I died today.
It was a bittersweet moment as I took my last breath, exhaling everything that crippled throughout my past. Within the last few moments of 11:59 pm, November 24th of 2016, I see everything flash before me. The mountains I’ve climbed, the barriers I’ve broken. And needless to say, I’m incredibly proud of myself.
I found myself grinning from ear to ear.
Then, I died.
The clock struck 12 am, November 25th of 2016 and I died.
I turned 18 today. And although some may call me crazy for considering a birthday a death date, it all makes sense within the premises of my brain.
You see, the milestone of turning 18 has a different meaning to everyone. For most, it’s the year they officially become an adult. They can buy cigarettes, lottery tickets, spray paint, and sharpies. They can vote. They can make their own doctor’s appointments (not that they will.) And while yes, all of these reasons are still true, the year of turning 18 has a totally different meaning for me.
I’m not proposing that I should run amuck with red, white, and blue sparklers while flying on a bald eagle. Not that kind of freedom. But instead, freedom from everything that has held me back in the past 18 years. I feel as if this is exactly how a prisoner feels once being released into the sunlight for the first time.
No longer am I restrained by cold, steel bars of a jail cell. Rather, I can run as fast as my feet can carry me as the wind flows through my hair, my feet flopping against the dark pavement.
I’ve been waiting for this age for such a long and weary time. 18 means freedom. 18 means I’m free of being controlled legally by someone who wanted nothing more to do with me than to control my life.
I died today because I no longer have to be that person, surrounded with fear and unstable surroundings.
I feel secure, stable, and most importantly, I feel blessed. How beautiful of a life this is.
For the past years of my life, I’ve lived in fear that everything I have could be ripped from my reach at any point. It was highly possible. As long as I can remember, it had been me counting down the days until I was finally free from my father. Until 18 finally made its’ way into the picture. And here it is.
My, is it lovely.
I woke up to a different point of view today, because no longer was there a heavy weight on my shoulders. I don’t have to worry any longer. I’ve always told myself “He can’t hurt me anymore.” But now, he really can’t hurt me.
Everything, from this point forward, is up to me. I choose. I choose happiness instead of fear.
I feel lucky to say the least. There have been dark times. I owe almost everything to the Hilson/Hill/LeBeouf family for being the light at the end of the tunnel for me.
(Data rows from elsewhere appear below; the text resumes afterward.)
Lemma lift_basis_idem n t : kbasis i n t -> gidem N (tG t) n (lift_basis n t) = lift_basis n t.
Proof.
move=> vt; have [G0 [_ _ hG0]] := lift_basisP vt.
apply: (reach_idem hN _ hG0) => /=.
by have [_ [_ [idem_idem _ _ _]]] := hN; rewrite idem_idem eqxx.
Qed.

Lemma g_reach D (G0 : simp X) S G p : kbasis i i (D, G0, S) ->
  reach G0 (seed (D, G0, S)) G p ->
  g (projT1 p) (projT2 p) = f (projT1 p) (kdelta F i (projT1 p) (D, G, S)).
Proof.
move=> v0; have [_ _ gA] := hg; have [_ _ fA] := hf.
elim=> [|a [m z] hr /= IH]; first exact: g_seed.
by rewrite gA IH -fA /= Parr_kdelta // (reach_kbasis v0 _ hr).
Qed.

Definition lift n (x : Pcar F X i n) : N n := \sum_t kcoef x t *: lift_basis n t.

Lemma lift_kdelta n t : kbasis i n t -> lift (kdelta F i n t) = lift_basis n t.
Proof.
move=> vt; rewrite /lift (bigD1 t) //= big1 ?addr0.
  by rewrite kcoef_kdelta vt eqxx scale1r.
by move=> t' ne; rewrite kcoef_kdelta (negbTE ne) andbF scale0r.
Qed.

Lemma lift_gmor : gmor (Pmod F X i) N lift.
Proof.
have [linI [linA [idem_idem _ arr_idem _]]] := hN.
have lin_lift n : lin_map (@lift n).
  move=> c x y; rewrite /lift scaler_sumr -big_split; apply: eq_bigr => t _.
  by rewrite kcoefD kcoefZ scalerDl scalerA.
split=> // [D n x | a n x].
  rewrite /= {2}/lift (lin_map_sum _ _ (linI D n)); apply: eq_bigr => t _.
  rewrite kcoef_Pidem; have [->|/kcoef_neq0 vt] := eqVneq (kcoef x t) 0.
    by rewrite if_same !scale0r.
  rewrite -{2}(lift_basis_idem vt) idem_idem.
  by have [<-|neD] := eqVneq (tG t) D; rewrite ?lift_basis_idem ?scale0r ?scaler0.
rewrite (kvec_decomp x) !(lin_map_sum _ _ (lin_lift _)) (lin_map_sum _ _ (linA a n)).
rewrite (lin_map_sum _ _ ((Pmod_gmod F X i).2.1 a n)) (lin_map_sum _ _ (lin_lift _)).
apply: eq_bigr => t _; have [->|/kcoef_neq0 vt] := eqVneq (kcoef x t) 0; first by rewrite !scale0r.
congr (_ *: _); rewrite lift_kdelta //.
have [esrc|ne] := eqVneq (tG t) (src a); last first.
  rewrite /= Parr_kdelta0 // lin_map0 // arr_idem -(lift_basis_idem vt) idem_idem.
  by rewrite eq_sym (negbTE ne) lin_map0 // lin_map0.
case: t esrc vt => [[D G] S] /= -> vt.
rewrite /= Parr_kdelta // lift_kdelta; last exact: kbasis_push.
have [G0 [eG0 v0 hG0]] := lift_basisP vt.
exact: lift_basis_eq (kbasis_push vt) eG0 (reach_push hG0).
Qed.

Lemma g_lift n (x : Pcar F X i n) : g n (lift x) = f n x.
Proof.
have [glin _ _] := hg; have [flin _ _] := hf.
rewrite {2}(kvec_decomp x) /lift (lin_map_sum _ _ (glin n)) (lin_map_sum _ _ (flin n)).
apply: eq_bigr => t _; have [->|/kcoef_neq0 vt] := eqVneq (kcoef x t) 0; first by rewrite !scale0r.
congr (_ *: _); case: t vt => [[D G] S] vt.
by have [G0 [_ v0 hG0]] := lift_basisP vt; apply: (g_reach v0 hG0).
Qed.

End Lift.

Lemma Pmod_projective (F : fieldType) (V : finType) (X : {set {set V}}) i :
  simplicial_complex X -> gprojective (Pmod F X i).
Proof.
move=> hX N Q g f hN _ hg hf g_onto.
by exists (lift g f); split; [apply: lift_gmor | apply: g_lift].
Qed.

(** * The differential and its contracting homotopy *)

Section Signs.
Variables (R : ringType) (V : finType).

Definition rk (v : V) : nat := enum_rank v.

Lemma rk_inj : injective rk.
Proof. by move=> u v /val_inj /enum_rank_inj. Qed.

Definition ksign (S : {set V}) (w : V) : R := (-1) ^+ #|[set u in S | (rk u < rk w)%N]|.

Lemma ksign_setU1 (S : {set V}) (v w : V) : v \notin S ->
  ksign (v |: S) w = (if (rk v < rk w)%N then -1 else 1) * ksign S w.
Proof.
move=> vS; rewrite /ksign; set T := [set u in S | _].
have -> : [set u in v |: S | (rk u < rk w)%N] = if (rk v < rk w)%N then v |: T else T.
  by apply/setP => u; case: ifP => lt; rewrite !inE; case: eqP => // ->; rewrite ?lt ?(negbTE vS).
case: ifP => _; last by rewrite mul1r.
by rewrite cardsU1 inE (negbTE vS) -exprS.
Qed.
Also my mother, sister, and brother were the ones who stuck through my entire life. I thought that whenever the majority of my family left, I’d be left with only a handful of people. However, with the loss of them, I gained a family ten times better than the one I lost.
For that I am eternally grateful.
I used to think of my life, and back into a corner. Things weren’t in the cards for me, because I was constantly being controlled by someone who wasn’t even physically around.
Anything can be in the cards for me now. I am in control of my own life.
The biggest part of this birthday for me is seeing that I made it. I did it. Unless you’ve struggled to stay breathing, you won’t fully comprehend the gravity of another birthday. 365 more days of breathing. Sure, it’s the simplest task known to man. I take my life breath by breath. There’s not much else we can do. Change overwhelms us. So I take it breath by breath by breath by breath.
18 years of breathing. That’s one hell of an accomplishment, I’ll say.
Today marks a new chapter in my life. I’m the author of my own story, so I’ve decided to name this chapter “Free” for obvious reasons.
Who knows what the next 365 days of breathing have to offer me? Maybe it’s phenomenal. Maybe it’s horrific. Maybe we just get through it, and that’s all we can really wish for.
Like I said, all we can do is keep breathing.
Welcome, 18. I’ve been waiting for you.